(* Let $b,q,\lambda^i,\mu^i,\gamma^i$ ($i=1,\dots,n$) be smooth functions of $R^1,\dots,R^n$ with all $\mu^i$ nowhere zero, such that $q_i=\frac{\lambda^i}{\mu^i}b_i$ for all $i$ and, for all $i\ne j$, with $E_{ij}:=q(\mu^j-\mu^i)+b(\lambda^i-\lambda^j)+\gamma^i-\gamma^j$ nowhere zero and $K_{ij}:=\frac{\lambda^i-\lambda^j\mu^i/\mu^j}{E_{ij}}b_j$, $$\lambda^i_j=(\lambda^j-\lambda^i)K_{ij},\quad \mu^i_j=(\mu^j-\mu^i)K_{ij},\quad \gamma^i_j=(\gamma^j-\gamma^i)K_{ij},\quad b_{ij}=\frac{\lambda^i(1+\mu^j/\mu^i)-\lambda^j(1+\mu^i/\mu^j)}{E_{ij}}b_ib_j.$$ Then the functions $c^i:=\gamma^i+b\lambda^i-q\mu^i$ satisfy $\partial c^i/\partial R^j=0$ for $j\ne i$ and $E_{ij}=c^i-c^j$; locally there is a function $u$ with $u_i=\mu^ib_i$; and with $\phi^i:=\lambda^i/\mu^i$ one has, for all $i\ne j$, $$\phi^i_j=\frac{(\phi^j-\phi^i)^2}{c^j-c^i}u_j,\qquad u_{ij}=2\frac{\phi^j-\phi^i}{c^j-c^i}u_iu_j.$$
   Context: Lower indices denote partial derivatives with respect to $R^1,\dots,R^n$. (This is the Gibbons-Tsarev system for hydrodynamic reductions of $\theta_{t\tilde t}+\theta_{z\tilde z}+\theta_{tx}\theta_{zy}-\theta_{ty}\theta_{zx}=0$ with $b=\theta_{zy}$, $q=\theta_{zx}$.) *)

(* Functions of (R^1,...,R^n) are modelled as
   total functions 'rV[R]_n -> R; hypotheses are imposed on an open set U. *)
From HB Require Import structures.
From mathcomp Require Import all_boot all_order all_algebra.
From mathcomp Require Import all_classical all_reals all_analysis.
Set Implicit Arguments. Unset Strict Implicit. Unset Printing Implicit Defensive.
Import Order.TTheory GRing.Theory Num.Theory.
Import numFieldNormedType.Exports.
Local Open Scope classical_set_scope.
Local Open Scope ring_scope.

Definition partial {R : realType} {n : nat} (f : 'rV[R]_n -> R) (i : 'I_n)
  : 'rV[R]_n -> R := fun x => 'D_(delta_mx 0 i) f x.

Fixpoint iter_partial {R : realType} {n : nat} (l : seq 'I_n)
  (f : 'rV[R]_n -> R) : 'rV[R]_n -> R :=
  match l with
  | [::] => f
  | i :: l' => partial (iter_partial l' f) i
  end.

Definition smooth_on {R : realType} {n : nat} (U : set 'rV[R]_n)
  (f : 'rV[R]_n -> R) : Prop :=
  forall (l : seq 'I_n) (x : 'rV[R]_n), U x -> differentiable (iter_partial l f) x.

(* The identities [partial (c i) j = 0], [E i j = c i - c j] and the formulas
   for [partial (phi i) j] and [partial (partial u i) j] are pointwise algebraic
   consequences of the system once the derivatives are expanded by the Leibniz
   rule.  The substance is the existence of [u]: the system makes the 1-form
   [sum_k w_k dR^k], [w_k = mu_k b_k], closed ([partial (w k) j] is symmetric in
   [j], [k]), so on a ball around [x0] the radial integral
   [u p = int_0^1 sum_k (p - x0)_k w_k (x0 + t (p - x0)) dt] is a potential:
   differentiating under the integral sign and using closedness turns
   [partial u j p] into the integral of [d/dt (t w_j (x0 + t (p - x0)))].
   The potential is smooth because its partial derivatives are the smooth [w_k],
   once one knows that continuous partial derivatives imply differentiability
   (mean value theorem along a staircase of coordinate steps). *)

From HB Require Import structures.
From mathcomp Require Import all_boot all_order all_algebra.
From mathcomp Require Import all_classical all_reals all_analysis.
From mathcomp Require Import ring.
Set Implicit Arguments. Unset Strict Implicit. Unset Printing Implicit Defensive.
Import Order.TTheory GRing.Theory Num.Theory.
Import numFieldNormedType.Exports.
Local Open Scope classical_set_scope.
Local Open Scope ring_scope.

--

▶ **Problem**: Each line from the top of the listing down to and including the one containing "Context: Lower indices" should be transcribed exactly; nothing else is to be output.

▶ **Your response**:
(* Let $b,q,\lambda^i,\mu^i,\gamma^i$ ($i=1,\dots,n$) be smooth functions of $R^1,\dots,R^n$ with all $\mu^i$ nowhere zero, such that $q_i=\frac{\lambda^i}{\mu^i}b_i$ for all $i$ and, for all $i\ne j$, with $E_{ij}:=q(\mu^j-\mu^i)+b(\lambda^i-\lambda^j)+\gamma^i-\gamma^j$ nowhere zero and $K_{ij}:=\frac{\lambda^i-\lambda^j\mu^i/\mu^j}{E_{ij}}b_j$, $$\lambda^i_j=(\lambda^j-\lambda^i)K_{ij},\quad \mu^i_j=(\mu^j-\mu^i)K_{ij},\quad \gamma^i_j=(\gamma^j-\gamma^i)K_{ij},\quad b_{ij}=\frac{\lambda^i(1+\mu^j/\mu^i)-\lambda^j(1+\mu^i/\mu^j)}{E_{ij}}b_ib_j.$$ Then the functions $c^i:=\gamma^i+b\lambda^i-q\mu^i$ satisfy $\partial c^i/\partial R^j=0$ for $j\ne i$ and $E_{ij}=c^i-c^j$; locally there is a function $u$ with $u_i=\mu^ib_i$; and with $\phi^i:=\lambda^i/\mu^i$ one has, for all $i\ne j$, $$\phi^i_j=\frac{(\phi^j-\phi^i)^2}{c^j-c^i}u_j,\qquad u_{ij}=2\frac{\phi^j-\phi^i}{c^j-c^i}u_iu_j.$$
   Context: Lower indices denote partial derivatives with respect to $R^1,\dots,R^n$. (This is the Gibbons-Tsarev system for hydrodynamic reductions of $\theta_{t\tilde t}+\theta_{z\tilde z}+\theta_{tx}\theta_{zy}-\theta_{ty}\theta_{zx}=0$ with $b=\theta_{zy}$, $q=\theta_{zx}$.) *)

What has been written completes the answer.